Additionally, presence of the researcher during inclusions facilitates data collection. The research personnel played an active role in contacting the patients prior to the GP visits and actively recruited them for the study. During inclusions, the researcher could prevent unblinding of the GP and make sure data collection was complete. For example, among patients that initially wanted to participate at home, 10% (n = 3 out of 31) needed help because they forgot to fill in part of the questionnaire. Presence of the researcher was also perceived as positive by the staff of the GP practice.
Another advantage was that when present, the researcher could help make the assessment with the app if required. This was needed in 6% (n = 2 out of 31) of the patients that initially participated at home, and 95% (n = 18 out of 19) of the patients that participated at the GP practice. Additionally, presence of the researcher allowed for follow-up questions on the spot, collecting more in-depth data.
Usage of the app
Usage of the app was influenced by many factors. Patient characteristics such as personal insecurities or the location of the lesion influenced usage of the app and often caused the need for the researcher to assist. For example, when lesions were on difficult-to-reach locations, this impacted the ability of patients to use the app themselves, because they simply could not reach it. This was also reflected in the quantitative data, in the cases where patients needed help, 79% (n = 19) of the lesions were located on a difficult location on the body (Fig. 3b). Also technological inexperience of patients was identified as a barrier that hindered usage of the app and filling out the digital questionnaire. This was often related to lack of experience with the study specific devices or general technological illiteracy. These were influenced by insecurities of the patient or older age. However, it was usually due to a combination of all these factors and the time pressure (Fig. 3), since some older patients also succeeded in making the picture themselves.

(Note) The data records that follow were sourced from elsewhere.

(* Consider the system of ordinary differential equations for $(T,I,V,A)$: \[ \frac{dT}{dt}=\Lambda-\mu T-\beta_0 VT,\qquad \frac{dI}{dt}=\beta_0 VT-\delta I,\qquad \frac{dV}{dt}=\omega I-cV-bAV,\qquad \frac{dA}{dt}=aVA-\sigma A, \] where all parameters $\Lambda,\mu,\beta_0,\delta,\omega,c,b,a,\sigma$ are strictly positive. Let $R_0=\frac{\beta_0\omega\Lambda}{c\delta\mu}$, $V^{is}=(R_0-1)\frac{\mu}{\beta_0}$ and $V^t=\frac{\sigma}{a}$. Assume that $\delta>\mu$ and that $(R_0-1)\frac{\mu}{\beta_0}>\frac{\sigma}{a}$ (i.e. $V^{is}>V^t$). Then this system has exactly one stable equilibrium, namely \[ T=\frac{\Lambda}{\mu+\beta_0V^t},\quad I=\frac{\beta_0\Lambda V^t}{\delta(\mu+\beta_0V^t)},\quad V=V^t,\quad A=\frac{c\,\beta_0\,(V^{is}-V^t)}{b(\mu+\beta_0V^t)}. \]
   Context: An equilibrium is a point where all four right-hand sides vanish. ''Stable'' means (linearly, locally asymptotically) stable: all eigenvalues of the Jacobian matrix of the vector field at the equilibrium have strictly negative real parts. The other equilibria of the system are the trivial equilibrium $T=\Lambda/\mu$, $I=V=A=0$ and the ''immunosuppression'' equilibrium with $A=0$; these are not stable under the stated assumptions. *)

From HB Require Import structures.
From mathcomp Require Import all_boot all_order all_algebra.
From mathcomp Require Import reals.
From mathcomp Require Import complex.
Set Implicit Arguments. Unset Strict Implicit. Unset Printing Implicit Defensive.
Import Order.TTheory GRing.Theory Num.Theory.
Local Open Scope ring_scope.

Section HIV.
Variable R : realType.
Variables (Lam mu beta0 delta omega c b a sigma : R).

Definition fT (T I V A : R) : R := Lam - mu * T - beta0 * V * T.
Definition fI (T I V A : R) : R := beta0 * V * T - delta * I.
Definition fV (T I V A : R) : R := omega * I - c * V - b * A * V.
Definition fA (T I V A : R) : R := a * V * A - sigma * A.

Definition is_equilibrium (T I V A : R) : Prop :=
  [/\ fT T I V A = 0, fI T I V A = 0, fV T I V A = 0 & fA T I V A = 0].

Definition jacobian (T I V A : R) : 'M[R]_4 :=
  \matrix_(i < 4, j < 4)
    nth 0 (nth [::]
      [:: [:: - mu - beta0 * V; 0; - beta0 * T; 0];
          [:: beta0 * V; - delta; beta0 * T; 0];
          [:: 0; omega; - c - b * A; - b * V];
          [:: 0; 0; a * A; a * V - sigma]] i) j.

(* linear (local asymptotic) stability: every complex eigenvalue of the
   Jacobian has strictly negative real part *)
Definition is_stable (T I V A : R) : Prop :=
  forall z : R[i],
    eigenvalue (map_mx (fun x : R => x%:C%C) (jacobian T I V A)) z ->
    Re z < 0.
End HIV.

(* Every equilibrium has [A = 0] or [V = sigma / a].  With [A = 0] the
   equilibrium is either infection-free, where [R0 > 1] gives the (I, V) block
   a nonnegative eigenvalue, or immunosuppressive with [V = Vis], where the
   A-direction has eigenvalue [a Vis - sigma > 0].  With [V = sigma / a] the
   equilibrium is unique, and eliminating a left eigenvector for an eigenvalue
   [z] leaves [(z + p) (z + delta) (z^2 + g z + h) = delta g z (z + mu)] with
   [p > mu]; for [Re z >= 0] the left side is strictly larger in modulus,
   factor by factor, so every eigenvalue lies in the open left half-plane. *)

From mathcomp Require Import all_boot all_order all_algebra.
From mathcomp Require Import reals complex ring lra.
Set Implicit Arguments.
Unset Strict Implicit.
Unset Printing Implicit Defensive.

Import Order.TTheory GRing.Theory Num.Theory Normc.
Local Open Scope ring_scope.
Local Open Scope complex_scope.

Section Modulus.
Variable R : rcfType.
Implicit Types (z : R[i]) (d g h m p : R).

Lemma sqr_normc z : normc z ^+ 2 = complex.Re z ^+ 2 + complex.Im z ^+ 2.
Proof. by case: z => x y; rewrite /= sqr_sqrtr // addr_ge0 ?sqr_ge0. Qed.

Lemma normc_real [d] : 0 <= d -> normc d%:C = d.
Proof. by move=> d0; rewrite /= expr0n addr0 sqrtr_sqr ger0_norm. Qed.

Lemma normc_ge0 z : 0 <= normc z.
Proof. by case: z => x y; apply: sqrtr_ge0. Qed.

Lemma ltr_normc_sqr z w : (normc z < normc w) = (normc z ^+ 2 < normc w ^+ 2).
Proof. by rewrite ltr_pXn2r // nnegrE normc_ge0. Qed.

Lemma ler_normc_sqr z w : (normc z <= normc w) = (normc z ^+ 2 <= normc w ^+ 2).
Proof. by rewrite ler_pXn2r // nnegrE normc_ge0. Qed.

Lemma ltr_normc_addr z m p : 0 <= complex.Re z -> 0 <= m -> m < p ->
  normc (z + m%:C) < normc (z + p%:C).
Proof.
move=> x0 m0 mp; rewrite ltr_normc_sqr !sqr_normc.
by move: x0; case: z => x y /= x0; rewrite !addr0; nra.
Qed.

Lemma ler_normc_addr z d : 0 <= complex.Re z -> 0 <= d -> d <= normc (z + d%:C).
Proof.
move=> x0 d0; rewrite -{1}(normc_real d0) ler_normc_sqr !sqr_normc.
by move: x0; case: z => x y /= x0; rewrite !addr0; nra.
Qed.

Lemma ler_normc_quadratic z g h : 0 <= complex.Re z -> 0 <= g -> 0 <= h ->
  g * normc z <= normc (z ^+ 2 + g%:C * z + h%:C).
Proof.
move=> x0 g0 h0; rewrite -[X in X * _](normc_real g0) -normcM ler_normc_sqr !sqr_normc.
move: x0; case: z => x y /= x0; rewrite !(mul0r, subr0, addr0).
set N := x ^+ 2 + y ^+ 2.
have N0 : 0 <= N by rewrite /N; nra.
have gN0 : 0 <= g * N by apply: mulr_ge0.
have gN_le : g * N <= (x + g) * N + h * x by nra.
have sqr_gN_le : (g * N) ^+ 2 <= ((x + g) * N + h * x) ^+ 2.
  by rewrite ler_pXn2r ?nnegrE //; lra.
set Q := (x * x - _ + _ + h) ^+ 2 + _.
have -> : (g * x) ^+ 2 + (g * y) ^+ 2 = g ^+ 2 * N by rewrite /N; ring.
have [-> | N_neq0] := eqVneq N 0; first by rewrite mulr0 /Q addr_ge0 ?sqr_ge0.
(* [N * Q] is the squared modulus of [z^* (z^2 + g z + h) = (x + g) N + h x + i y (N - h)]. *)
have N_Q : N * Q - N * (g ^+ 2 * N) =
    ((x + g) * N + h * x) ^+ 2 - (g * N) ^+ 2 + (y * (N - h)) ^+ 2.
  by rewrite /N /Q; ring.
have N_gt0 : 0 < N by rewrite lt_def N_neq0.
rewrite -(ler_pM2l N_gt0) -subr_ge0 N_Q.
have := sqr_ge0 (y * (N - h)); lra.
Qed.
End Modulus.

(* With [p = mu + beta0 V], [d = delta], [g = c + b A] and [h = a A b V], this is
   the characteristic polynomial of the Jacobian at an equilibrium where
   [a V = sigma] and [omega beta0 T = delta (c + b A)]. *)
Definition interior_charpoly {K : comPzRingType} (mu p d g h z : K) : K :=
  (z + p) * (z + d) * (z ^+ 2 + g * z + h) - d * g * z * (z + mu).

Lemma interior_charpoly_neq0 (R : rcfType) (mu p d g h : R) (z : R[i]) :
  0 <= mu -> mu < p -> 0 < d -> 0 < g -> 0 < h -> 0 <= complex.Re z ->
  interior_charpoly mu%:C p%:C d%:C g%:C h%:C z != 0.
Proof.
move=> mu0 mu_p d0 g0 h0 x0.
have [-> | z_neq0] := eqVneq z 0.
  have -> : interior_charpoly mu%:C p%:C d%:C g%:C h%:C 0 = (p * d * h)%:C.
    by rewrite /interior_charpoly !rmorphM /=; ring.
  by rewrite fmorph_eq0 !mulf_neq0 // gt_eqF // (le_lt_trans mu0 mu_p).
have z_gt0 : 0 < normc z.
  by rewrite lt_def normc_ge0 andbT; apply: contra_neq z_neq0 => /eq0_normc.
have lt_norm : normc (d%:C * g%:C * z * (z + mu%:C)) <
    normc ((z + p%:C) * (z + d%:C) * (z ^+ 2 + g%:C * z + h%:C)).
  rewrite !normcM !normc_real ?ltW //.
  have dgz_gt0 : 0 < d * g * normc z by rewrite !mulr_gt0.
  have dgz_le : d * g * normc z <=
      normc (z + d%:C) * normc (z ^+ 2 + g%:C * z + h%:C).
    rewrite -mulrA ler_pM ?(ltW d0) ?mulr_ge0 ?(ltW g0) ?normc_ge0 //.
      exact: ler_normc_addr (ltW d0).
    exact: ler_normc_quadratic (ltW g0) (ltW h0).
  apply: (lt_le_trans (y := d * g * normc z * normc (z + p%:C))).
    by rewrite ltr_pM2l // ltr_normc_addr.
  by rewrite [X in X <= _]mulrC -[X in _ <= X]mulrA ler_wpM2l ?normc_ge0.
by rewrite subr_eq0; apply: contraTneq lt_norm => ->; rewrite ltxx.
Qed.

(* The hypotheses are the coordinates of [v *m J = z *: v] for
   [J = [[-(m + q), 0, -k, 0]; [q, -d, k, 0]; [0, w, -g, -e]; [0, 0, f, 0]]]. *)
Lemma left_eigen_charpoly_eq0 {K : comPzRingType} (m q d w k g e f z v0 v1 v2 v3 : K) :
  w * k = d * g ->
  q * v1 = (z + (m + q)) * v0 ->
  w * v2 = (z + d) * v1 ->
  k * (v1 - v0) + f * v3 = (z + g) * v2 ->
  - e * v2 = z * v3 ->
  v0 * interior_charpoly m (m + q) d g (e * f) z = 0.
Proof.
move=> wk e0 e1 e2 e3.
set Q := z ^+ 2 + g * z + e * f.
have e23 : k * z * (v1 - v0) = Q * v2.
  have -> : k * z * (v1 - v0) = z * (k * (v1 - v0) + f * v3) - f * (z * v3) by ring.
  by rewrite e2 -e3 /Q; ring.
rewrite /interior_charpoly -/Q -wk.
have -> : v0 * ((z + (m + q)) * (z + d) * Q - w * k * z * (z + m)) =
    (z + d) * Q * ((z + (m + q)) * v0) - w * k * z * (z + m) * v0 by ring.
rewrite -e0.
have -> : (z + d) * Q * (q * v1) = q * Q * ((z + d) * v1) by ring.
rewrite -e1.
have -> : q * Q * (w * v2) = w * q * (Q * v2) by ring.
rewrite -e23.
have -> : w * q * (k * z * (v1 - v0)) - w * k * z * (z + m) * v0 =
    w * k * z * (q * v1 - (z + (m + q)) * v0) by ring.
by rewrite e0 subrr mulr0.
Qed.

Lemma quadratic_nonneg_root (R : rcfType) (s t : R) :
  t <= 0 -> exists2 l : R, 0 <= l & l ^+ 2 + s * l + t = 0.
Proof.
move=> t_le0; set D := s ^+ 2 - 4 * t.
have D_ge0 : 0 <= D by rewrite /D; nra.
set r := Num.sqrt D.
have r_ge0 : 0 <= r := sqrtr_ge0 D.
have r2 : r ^+ 2 = D := sqr_sqrtr D_ge0.
exists ((r - s) / 2).
  apply: divr_ge0 => //; rewrite subr_ge0.
  rewrite leNgt; apply/negP => r_lt_s.
  have : r ^+ 2 < s ^+ 2 by rewrite ltr_pXn2r ?nnegrE // (le_trans r_ge0 (ltW r_lt_s)).
  by rewrite r2 /D; lra.
have -> : ((r - s) / 2) ^+ 2 + s * ((r - s) / 2) + t = (r ^+ 2 - D) / 4.
  by rewrite /D; field.
by rewrite r2 subrr mul0r.
Qed.

Lemma row4_eq0 {K : zmodType} (v : 'rV[K]_4) :
  v 0 0 = 0 -> v 0 1 = 0 -> v 0 2 = 0 -> v 0 3 = 0 -> v = 0.
Proof.
move=> v0 v1 v2 v3; apply/rowP => -[[|[|[|[|j]]]] lt_j4] //; rewrite mxE.
- by rewrite -v0; congr (v _ _); apply: val_inj.
- by rewrite -v1; congr (v _ _); apply: val_inj.
- by rewrite -v2; congr (v _ _); apply: val_inj.
- by rewrite -v3; congr (v _ _); apply: val_inj.
Qed.

Section Jacobian.
Variable R : realType.
Variables (mu beta0 delta omega c b a sigma T I V A : R).
Local Notation J := (jacobian mu beta0 delta omega c b a sigma T I V A).

Lemma jacobian_left_eigenE (z : R[i]) (v : 'rV_4) :
  v *m map_mx (real_complex R) J = z *: v ->
  [/\ (beta0 * V)%:C * v 0 1 = (z + (mu%:C + (beta0 * V)%:C)) * v 0 0,
      omega%:C * v 0 2 = (z + delta%:C) * v 0 1,
      (beta0 * T)%:C * (v 0 1 - v 0 0) + (a * A)%:C * v 0 3 =
        (z + (c + b * A)%:C) * v 0 2 &
      - (b * V)%:C * v 0 2 + (a * V - sigma)%:C * v 0 3 = z * v 0 3].
Proof.
have ord0E : ord0 = 0 :> 'I_4 by apply: val_inj.
have ord1E : lift ord0 ord0 = 1 :> 'I_4 by apply: val_inj.
have ord2E : lift ord0 (lift ord0 ord0) = 2 :> 'I_4 by apply: val_inj.
have ord3E : lift ord0 (lift ord0 (lift ord0 ord0)) = 3 :> 'I_4 by apply: val_inj.
move=> /rowP vJ.
have := vJ 0; have := vJ 1; have := vJ 2; have := vJ 3.
rewrite !mxE !big_ord_recl !big_ord0 !mxE /= ord0E ord1E ord2E ord3E.
rewrite !(rmorphN, rmorphB, rmorphD, rmorphM, rmorph0) => e3 e2 e1 e0.
by split; rewrite ?mulrDl -?e0 -?e1 -?e2 -?e3; ring.
Qed.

A facilitator was when usage of the mHealth app is an effortless process. Especially when patients were technologically engaged this led to effortless usage of the app. Patients who participated at home more often succeeded in using the app on their own. (Fig. 3c).
Study-related information provision
Another important theme was the study-related information provision to the patients and the GP. We identified that a lack in provision of study-related information led to confusion and delays for both the GP, GPA and the patients and that familiarity of the general practitioner with the study leads to an easier and quicker inclusion.
Discussion
This study describes the feasibility and potential of targeted implementation of an AI-based mHealth app in primary care. Studying implementation at two different moments in the healthcare pathway of people with suspicious skin lesions appears feasible and we have identified multiple barriers and facilitators that provide solid groundwork which can be incorporated in future studies. Results from the study indicate a strong potential for future research directions to focus on usage of the app as a targeted triaging tool in the hands of patients. However, a final prospective study, including a larger and more diverse group of patients and GPs, is needed to draw definite conclusions on the effect of the app on this healthcare pathway before steps towards implementation can be taken.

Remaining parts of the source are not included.